WORK TO BE COMPLETED
Return every line from the one with "rewrite /r linearZ" through the one with "by apply: near_eq_cvg;", inclusive, exactly as it appears below.

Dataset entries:
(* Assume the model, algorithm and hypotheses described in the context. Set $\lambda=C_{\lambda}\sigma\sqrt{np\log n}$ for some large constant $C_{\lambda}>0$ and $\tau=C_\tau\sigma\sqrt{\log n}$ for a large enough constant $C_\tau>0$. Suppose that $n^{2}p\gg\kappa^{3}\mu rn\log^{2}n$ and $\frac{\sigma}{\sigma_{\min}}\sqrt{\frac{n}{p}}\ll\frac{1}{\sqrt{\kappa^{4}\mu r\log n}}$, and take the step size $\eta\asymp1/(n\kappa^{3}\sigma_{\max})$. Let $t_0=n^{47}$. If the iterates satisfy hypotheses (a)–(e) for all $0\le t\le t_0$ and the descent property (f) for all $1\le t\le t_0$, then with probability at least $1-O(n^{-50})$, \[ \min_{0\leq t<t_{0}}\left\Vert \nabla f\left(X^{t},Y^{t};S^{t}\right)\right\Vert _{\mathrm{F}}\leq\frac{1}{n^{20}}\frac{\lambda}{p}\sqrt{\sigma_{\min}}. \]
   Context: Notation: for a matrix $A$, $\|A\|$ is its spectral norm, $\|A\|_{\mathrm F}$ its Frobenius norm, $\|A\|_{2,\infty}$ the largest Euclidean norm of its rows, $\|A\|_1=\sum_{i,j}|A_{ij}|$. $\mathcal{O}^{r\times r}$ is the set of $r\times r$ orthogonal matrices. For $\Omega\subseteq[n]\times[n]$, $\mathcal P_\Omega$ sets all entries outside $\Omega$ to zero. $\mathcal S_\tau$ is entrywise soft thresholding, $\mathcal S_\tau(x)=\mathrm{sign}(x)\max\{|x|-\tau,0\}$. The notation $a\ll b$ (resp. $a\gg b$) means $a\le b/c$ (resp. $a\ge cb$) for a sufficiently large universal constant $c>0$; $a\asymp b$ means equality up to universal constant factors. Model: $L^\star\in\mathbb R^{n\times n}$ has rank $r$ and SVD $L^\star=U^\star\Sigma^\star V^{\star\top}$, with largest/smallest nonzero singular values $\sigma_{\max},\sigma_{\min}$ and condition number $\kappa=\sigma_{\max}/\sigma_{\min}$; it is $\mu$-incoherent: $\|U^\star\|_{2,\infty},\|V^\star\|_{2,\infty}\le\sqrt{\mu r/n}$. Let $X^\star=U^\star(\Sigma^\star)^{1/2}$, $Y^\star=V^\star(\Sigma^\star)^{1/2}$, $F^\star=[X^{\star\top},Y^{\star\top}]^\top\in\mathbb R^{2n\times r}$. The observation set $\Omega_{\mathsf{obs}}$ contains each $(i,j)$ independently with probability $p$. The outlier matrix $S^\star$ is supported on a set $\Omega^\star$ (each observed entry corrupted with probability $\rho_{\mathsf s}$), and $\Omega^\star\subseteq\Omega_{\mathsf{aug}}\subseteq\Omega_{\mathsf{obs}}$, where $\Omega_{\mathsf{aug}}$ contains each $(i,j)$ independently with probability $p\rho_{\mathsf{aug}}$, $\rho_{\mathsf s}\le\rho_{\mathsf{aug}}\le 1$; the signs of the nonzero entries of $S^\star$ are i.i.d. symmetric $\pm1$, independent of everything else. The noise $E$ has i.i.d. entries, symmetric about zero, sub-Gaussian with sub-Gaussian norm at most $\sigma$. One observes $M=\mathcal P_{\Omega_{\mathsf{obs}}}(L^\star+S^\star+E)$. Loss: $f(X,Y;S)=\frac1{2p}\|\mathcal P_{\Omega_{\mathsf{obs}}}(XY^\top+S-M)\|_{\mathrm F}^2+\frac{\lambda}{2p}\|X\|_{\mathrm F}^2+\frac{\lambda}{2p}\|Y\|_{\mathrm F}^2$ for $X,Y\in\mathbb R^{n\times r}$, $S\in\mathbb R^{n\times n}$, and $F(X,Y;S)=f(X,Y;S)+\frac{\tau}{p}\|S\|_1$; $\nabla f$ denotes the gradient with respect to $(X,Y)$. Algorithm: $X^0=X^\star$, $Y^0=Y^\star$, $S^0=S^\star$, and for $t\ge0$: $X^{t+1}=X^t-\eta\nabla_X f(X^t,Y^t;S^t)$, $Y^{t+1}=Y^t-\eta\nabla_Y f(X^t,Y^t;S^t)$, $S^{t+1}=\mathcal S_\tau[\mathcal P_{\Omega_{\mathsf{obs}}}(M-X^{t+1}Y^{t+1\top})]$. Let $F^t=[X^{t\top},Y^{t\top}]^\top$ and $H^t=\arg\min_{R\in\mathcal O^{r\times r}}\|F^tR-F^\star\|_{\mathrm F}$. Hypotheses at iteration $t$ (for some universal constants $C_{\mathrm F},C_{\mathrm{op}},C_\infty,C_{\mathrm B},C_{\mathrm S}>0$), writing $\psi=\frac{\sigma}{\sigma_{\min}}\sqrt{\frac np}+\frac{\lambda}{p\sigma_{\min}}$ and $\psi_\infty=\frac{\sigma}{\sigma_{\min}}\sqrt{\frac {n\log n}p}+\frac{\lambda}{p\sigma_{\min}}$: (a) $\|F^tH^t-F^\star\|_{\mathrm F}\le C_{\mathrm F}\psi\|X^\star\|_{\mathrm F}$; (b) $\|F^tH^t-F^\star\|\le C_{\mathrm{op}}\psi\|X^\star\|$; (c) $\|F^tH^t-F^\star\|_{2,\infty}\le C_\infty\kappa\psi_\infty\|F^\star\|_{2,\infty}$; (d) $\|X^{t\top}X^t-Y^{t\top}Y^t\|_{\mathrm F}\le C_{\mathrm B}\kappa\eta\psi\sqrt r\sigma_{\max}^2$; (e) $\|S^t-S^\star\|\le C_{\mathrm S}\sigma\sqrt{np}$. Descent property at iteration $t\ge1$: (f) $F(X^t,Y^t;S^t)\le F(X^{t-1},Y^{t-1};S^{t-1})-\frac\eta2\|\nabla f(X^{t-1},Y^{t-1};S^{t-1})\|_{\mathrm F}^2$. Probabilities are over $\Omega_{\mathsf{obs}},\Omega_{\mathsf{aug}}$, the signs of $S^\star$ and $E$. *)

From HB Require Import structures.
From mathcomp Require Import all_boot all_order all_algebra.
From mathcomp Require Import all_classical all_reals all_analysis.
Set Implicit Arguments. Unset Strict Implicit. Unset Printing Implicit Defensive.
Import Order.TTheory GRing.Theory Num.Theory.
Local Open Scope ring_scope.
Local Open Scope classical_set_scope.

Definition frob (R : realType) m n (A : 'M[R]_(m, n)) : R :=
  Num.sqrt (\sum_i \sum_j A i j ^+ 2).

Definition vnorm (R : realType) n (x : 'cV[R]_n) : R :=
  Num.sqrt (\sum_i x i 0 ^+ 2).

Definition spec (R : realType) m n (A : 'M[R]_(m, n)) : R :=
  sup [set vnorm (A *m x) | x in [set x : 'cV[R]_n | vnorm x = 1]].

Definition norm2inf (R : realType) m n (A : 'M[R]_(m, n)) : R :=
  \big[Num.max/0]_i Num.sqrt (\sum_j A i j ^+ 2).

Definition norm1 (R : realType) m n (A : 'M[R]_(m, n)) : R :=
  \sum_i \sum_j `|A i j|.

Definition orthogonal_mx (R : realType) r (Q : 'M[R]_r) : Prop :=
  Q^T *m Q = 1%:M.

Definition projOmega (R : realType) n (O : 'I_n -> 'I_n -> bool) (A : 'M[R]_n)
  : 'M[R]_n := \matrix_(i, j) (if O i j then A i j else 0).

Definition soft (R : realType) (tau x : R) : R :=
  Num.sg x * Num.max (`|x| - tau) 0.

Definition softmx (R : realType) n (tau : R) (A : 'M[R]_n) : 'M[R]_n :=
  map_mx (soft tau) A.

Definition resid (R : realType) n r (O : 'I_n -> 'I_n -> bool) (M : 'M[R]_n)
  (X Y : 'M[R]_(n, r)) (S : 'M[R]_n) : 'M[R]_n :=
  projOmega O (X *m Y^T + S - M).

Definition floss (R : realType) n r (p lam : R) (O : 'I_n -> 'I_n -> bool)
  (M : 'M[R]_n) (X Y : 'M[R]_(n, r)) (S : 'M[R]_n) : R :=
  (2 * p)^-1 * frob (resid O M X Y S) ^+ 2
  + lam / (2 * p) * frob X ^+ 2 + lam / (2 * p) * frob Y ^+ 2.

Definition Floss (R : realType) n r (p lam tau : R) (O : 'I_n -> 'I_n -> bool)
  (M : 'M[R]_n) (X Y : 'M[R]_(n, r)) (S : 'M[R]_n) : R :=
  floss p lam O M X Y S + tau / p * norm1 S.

---

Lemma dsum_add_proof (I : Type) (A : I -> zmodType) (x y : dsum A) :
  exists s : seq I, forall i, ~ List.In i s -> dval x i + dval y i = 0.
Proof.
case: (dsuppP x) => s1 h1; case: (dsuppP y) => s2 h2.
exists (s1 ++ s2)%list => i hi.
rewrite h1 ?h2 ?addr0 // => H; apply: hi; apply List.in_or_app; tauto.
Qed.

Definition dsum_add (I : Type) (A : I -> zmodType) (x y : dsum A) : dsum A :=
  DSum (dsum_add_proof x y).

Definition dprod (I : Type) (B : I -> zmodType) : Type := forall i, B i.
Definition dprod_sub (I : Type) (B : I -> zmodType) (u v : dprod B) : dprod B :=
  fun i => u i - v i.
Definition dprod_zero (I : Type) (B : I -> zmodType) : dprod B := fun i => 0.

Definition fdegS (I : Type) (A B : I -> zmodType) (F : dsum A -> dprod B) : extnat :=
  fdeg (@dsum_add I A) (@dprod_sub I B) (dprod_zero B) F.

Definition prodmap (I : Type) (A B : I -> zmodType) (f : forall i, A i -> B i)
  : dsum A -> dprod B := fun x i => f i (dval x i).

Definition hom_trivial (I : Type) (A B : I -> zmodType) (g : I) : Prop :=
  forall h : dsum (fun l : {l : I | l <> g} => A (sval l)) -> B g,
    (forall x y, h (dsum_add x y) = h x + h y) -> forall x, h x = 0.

* * *

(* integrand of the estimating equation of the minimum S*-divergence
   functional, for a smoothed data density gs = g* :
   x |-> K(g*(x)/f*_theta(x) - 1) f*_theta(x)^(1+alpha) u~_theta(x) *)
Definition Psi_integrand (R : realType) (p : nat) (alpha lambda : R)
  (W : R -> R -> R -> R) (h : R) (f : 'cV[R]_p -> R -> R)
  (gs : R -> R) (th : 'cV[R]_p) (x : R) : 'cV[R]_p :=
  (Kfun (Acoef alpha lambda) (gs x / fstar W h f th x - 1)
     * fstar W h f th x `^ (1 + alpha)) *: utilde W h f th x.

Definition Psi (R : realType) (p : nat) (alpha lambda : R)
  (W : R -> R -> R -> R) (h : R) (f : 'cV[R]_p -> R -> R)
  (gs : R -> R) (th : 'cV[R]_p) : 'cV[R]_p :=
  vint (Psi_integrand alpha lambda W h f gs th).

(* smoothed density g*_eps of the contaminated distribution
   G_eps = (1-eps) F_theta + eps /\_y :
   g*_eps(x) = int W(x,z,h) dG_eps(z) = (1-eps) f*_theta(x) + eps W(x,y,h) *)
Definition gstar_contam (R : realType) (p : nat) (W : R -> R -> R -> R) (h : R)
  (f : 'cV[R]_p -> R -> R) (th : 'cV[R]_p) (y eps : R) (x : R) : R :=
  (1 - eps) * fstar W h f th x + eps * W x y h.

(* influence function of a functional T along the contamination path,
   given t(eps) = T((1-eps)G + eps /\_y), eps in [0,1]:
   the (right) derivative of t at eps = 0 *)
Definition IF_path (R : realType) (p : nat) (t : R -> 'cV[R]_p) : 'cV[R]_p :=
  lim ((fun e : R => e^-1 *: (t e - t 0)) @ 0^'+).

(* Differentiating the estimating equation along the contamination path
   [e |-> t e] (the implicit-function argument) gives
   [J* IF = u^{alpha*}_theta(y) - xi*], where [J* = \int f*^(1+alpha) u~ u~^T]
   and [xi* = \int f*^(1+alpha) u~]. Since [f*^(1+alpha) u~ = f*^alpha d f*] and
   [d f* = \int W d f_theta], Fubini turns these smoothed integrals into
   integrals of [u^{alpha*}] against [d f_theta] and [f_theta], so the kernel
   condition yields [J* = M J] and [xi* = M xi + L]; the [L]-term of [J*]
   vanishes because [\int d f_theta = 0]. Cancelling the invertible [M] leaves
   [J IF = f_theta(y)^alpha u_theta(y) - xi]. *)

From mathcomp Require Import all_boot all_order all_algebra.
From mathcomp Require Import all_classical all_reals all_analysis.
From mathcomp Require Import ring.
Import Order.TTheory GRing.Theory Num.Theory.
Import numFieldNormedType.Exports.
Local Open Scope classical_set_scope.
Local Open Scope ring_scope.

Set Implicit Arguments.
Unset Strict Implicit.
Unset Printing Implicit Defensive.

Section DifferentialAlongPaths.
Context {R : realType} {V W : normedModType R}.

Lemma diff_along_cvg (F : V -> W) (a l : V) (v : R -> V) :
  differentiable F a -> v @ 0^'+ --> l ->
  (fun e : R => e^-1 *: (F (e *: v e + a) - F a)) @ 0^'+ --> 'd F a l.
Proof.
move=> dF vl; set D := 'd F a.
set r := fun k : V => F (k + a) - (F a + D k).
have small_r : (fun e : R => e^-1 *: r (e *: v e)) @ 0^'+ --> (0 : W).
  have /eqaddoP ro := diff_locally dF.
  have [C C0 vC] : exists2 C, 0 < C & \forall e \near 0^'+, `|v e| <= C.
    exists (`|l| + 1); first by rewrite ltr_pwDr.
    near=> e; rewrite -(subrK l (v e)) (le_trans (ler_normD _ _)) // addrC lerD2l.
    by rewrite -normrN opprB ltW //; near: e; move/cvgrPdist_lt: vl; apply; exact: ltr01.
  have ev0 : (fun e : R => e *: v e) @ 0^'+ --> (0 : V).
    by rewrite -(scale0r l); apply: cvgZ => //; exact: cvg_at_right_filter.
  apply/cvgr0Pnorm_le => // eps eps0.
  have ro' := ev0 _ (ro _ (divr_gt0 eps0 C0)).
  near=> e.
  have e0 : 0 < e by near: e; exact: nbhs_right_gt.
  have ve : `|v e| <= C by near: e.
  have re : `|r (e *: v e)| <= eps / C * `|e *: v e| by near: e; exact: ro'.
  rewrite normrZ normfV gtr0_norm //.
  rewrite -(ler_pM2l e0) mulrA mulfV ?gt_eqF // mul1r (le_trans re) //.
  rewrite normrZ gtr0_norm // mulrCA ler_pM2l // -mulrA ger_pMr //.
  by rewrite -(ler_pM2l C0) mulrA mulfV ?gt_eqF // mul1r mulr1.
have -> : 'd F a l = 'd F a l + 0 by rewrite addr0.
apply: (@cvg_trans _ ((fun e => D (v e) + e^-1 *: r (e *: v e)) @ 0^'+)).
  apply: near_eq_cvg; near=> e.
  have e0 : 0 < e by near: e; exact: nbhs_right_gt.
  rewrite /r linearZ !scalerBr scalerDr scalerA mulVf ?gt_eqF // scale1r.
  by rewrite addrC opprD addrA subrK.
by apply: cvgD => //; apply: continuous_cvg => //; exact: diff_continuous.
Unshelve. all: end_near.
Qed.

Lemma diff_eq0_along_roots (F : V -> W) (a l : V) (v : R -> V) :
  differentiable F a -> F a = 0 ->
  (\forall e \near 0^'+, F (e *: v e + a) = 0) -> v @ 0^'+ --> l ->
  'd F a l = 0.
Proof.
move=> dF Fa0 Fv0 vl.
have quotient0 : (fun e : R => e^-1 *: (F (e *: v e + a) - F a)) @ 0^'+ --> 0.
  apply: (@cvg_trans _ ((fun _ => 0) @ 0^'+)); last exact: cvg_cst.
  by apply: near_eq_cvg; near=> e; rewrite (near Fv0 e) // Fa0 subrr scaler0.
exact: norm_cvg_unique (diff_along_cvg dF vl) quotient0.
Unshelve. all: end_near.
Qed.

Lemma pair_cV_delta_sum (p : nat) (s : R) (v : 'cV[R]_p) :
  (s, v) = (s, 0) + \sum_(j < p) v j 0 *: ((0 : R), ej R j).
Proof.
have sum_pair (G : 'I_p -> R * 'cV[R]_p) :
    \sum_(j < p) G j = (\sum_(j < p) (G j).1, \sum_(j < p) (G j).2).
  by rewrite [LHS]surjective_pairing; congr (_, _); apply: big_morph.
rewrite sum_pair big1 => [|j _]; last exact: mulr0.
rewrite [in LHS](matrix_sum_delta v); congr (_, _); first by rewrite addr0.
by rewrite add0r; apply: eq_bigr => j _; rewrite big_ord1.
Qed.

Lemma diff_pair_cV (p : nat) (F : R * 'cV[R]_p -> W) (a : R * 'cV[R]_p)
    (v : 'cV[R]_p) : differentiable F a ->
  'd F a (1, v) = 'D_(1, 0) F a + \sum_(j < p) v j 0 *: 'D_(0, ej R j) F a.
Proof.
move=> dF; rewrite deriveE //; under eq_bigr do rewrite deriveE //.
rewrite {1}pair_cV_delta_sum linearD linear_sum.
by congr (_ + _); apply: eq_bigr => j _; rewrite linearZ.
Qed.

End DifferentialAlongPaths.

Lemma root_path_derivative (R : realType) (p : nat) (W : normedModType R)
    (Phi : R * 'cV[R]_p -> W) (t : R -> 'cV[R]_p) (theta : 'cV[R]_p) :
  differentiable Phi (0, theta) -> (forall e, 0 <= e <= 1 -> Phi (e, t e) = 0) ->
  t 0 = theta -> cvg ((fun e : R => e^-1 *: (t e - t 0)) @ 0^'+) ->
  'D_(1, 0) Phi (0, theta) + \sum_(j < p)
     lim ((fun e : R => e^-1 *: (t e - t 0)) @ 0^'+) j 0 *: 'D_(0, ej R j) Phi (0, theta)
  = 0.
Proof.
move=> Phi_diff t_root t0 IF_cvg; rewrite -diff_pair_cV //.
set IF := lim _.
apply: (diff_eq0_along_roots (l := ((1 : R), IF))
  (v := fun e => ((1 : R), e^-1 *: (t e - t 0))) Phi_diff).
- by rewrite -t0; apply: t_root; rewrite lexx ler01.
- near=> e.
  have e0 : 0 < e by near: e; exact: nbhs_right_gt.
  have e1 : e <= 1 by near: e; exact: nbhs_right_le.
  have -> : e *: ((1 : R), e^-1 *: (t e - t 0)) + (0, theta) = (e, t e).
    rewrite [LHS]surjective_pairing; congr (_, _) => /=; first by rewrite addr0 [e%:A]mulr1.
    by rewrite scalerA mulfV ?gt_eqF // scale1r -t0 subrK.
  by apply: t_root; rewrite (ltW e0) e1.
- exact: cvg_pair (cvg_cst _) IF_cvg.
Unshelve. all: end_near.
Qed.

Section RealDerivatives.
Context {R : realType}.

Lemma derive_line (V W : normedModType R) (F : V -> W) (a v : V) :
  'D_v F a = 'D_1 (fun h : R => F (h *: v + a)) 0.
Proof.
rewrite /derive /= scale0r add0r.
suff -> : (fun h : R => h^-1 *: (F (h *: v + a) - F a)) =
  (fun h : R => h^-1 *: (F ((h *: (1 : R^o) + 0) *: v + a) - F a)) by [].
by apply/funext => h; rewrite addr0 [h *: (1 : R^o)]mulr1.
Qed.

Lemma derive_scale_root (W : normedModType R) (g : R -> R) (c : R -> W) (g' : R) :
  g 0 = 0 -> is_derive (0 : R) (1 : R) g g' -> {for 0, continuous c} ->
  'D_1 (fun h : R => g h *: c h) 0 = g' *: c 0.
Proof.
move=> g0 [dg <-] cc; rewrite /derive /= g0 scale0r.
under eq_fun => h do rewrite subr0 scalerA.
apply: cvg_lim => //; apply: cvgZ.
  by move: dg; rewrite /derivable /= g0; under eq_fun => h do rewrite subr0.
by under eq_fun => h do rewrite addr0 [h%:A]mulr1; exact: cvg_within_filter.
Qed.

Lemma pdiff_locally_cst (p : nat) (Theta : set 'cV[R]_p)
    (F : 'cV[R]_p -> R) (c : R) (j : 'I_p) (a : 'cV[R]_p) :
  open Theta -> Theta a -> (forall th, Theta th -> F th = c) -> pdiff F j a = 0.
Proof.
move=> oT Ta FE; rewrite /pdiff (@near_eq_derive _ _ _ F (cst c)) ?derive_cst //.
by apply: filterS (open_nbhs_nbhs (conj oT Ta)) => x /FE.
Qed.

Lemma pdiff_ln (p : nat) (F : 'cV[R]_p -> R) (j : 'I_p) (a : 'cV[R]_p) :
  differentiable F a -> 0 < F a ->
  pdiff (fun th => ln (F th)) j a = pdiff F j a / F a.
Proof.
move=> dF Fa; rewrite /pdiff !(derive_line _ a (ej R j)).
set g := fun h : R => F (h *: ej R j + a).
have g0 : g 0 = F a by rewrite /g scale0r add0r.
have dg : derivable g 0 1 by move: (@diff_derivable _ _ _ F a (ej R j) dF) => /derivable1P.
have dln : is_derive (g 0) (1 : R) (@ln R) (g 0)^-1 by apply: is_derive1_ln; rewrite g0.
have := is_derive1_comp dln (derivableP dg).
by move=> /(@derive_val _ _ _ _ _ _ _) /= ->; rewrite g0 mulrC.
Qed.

ANSWER SECTION
  rewrite /r linearZ !scalerBr scalerDr scalerA mulVf ?gt_eqF // scale1r.
  by rewrite addrC opprD addrA subrK.
by apply: cvgD => //; apply: continuous_cvg => //; exact: diff_continuous.
Unshelve. all: end_near.
Qed.

Lemma diff_eq0_along_roots (F : V -> W) (a l : V) (v : R -> V) :
  differentiable F a -> F a = 0 ->
  (\forall e \near 0^'+, F (e *: v e + a) = 0) -> v @ 0^'+ --> l ->
  'd F a l = 0.
Proof.
move=> dF Fa0 Fv0 vl.
have quotient0 : (fun e : R => e^-1 *: (F (e *: v e + a) - F a)) @ 0^'+ --> 0.
  apply: (@cvg_trans _ ((fun _ => 0) @ 0^'+)); last exact: cvg_cst.
  by apply: near_eq_cvg; near=> e; rewrite (near Fv0 e) // Fa0 subrr scaler0.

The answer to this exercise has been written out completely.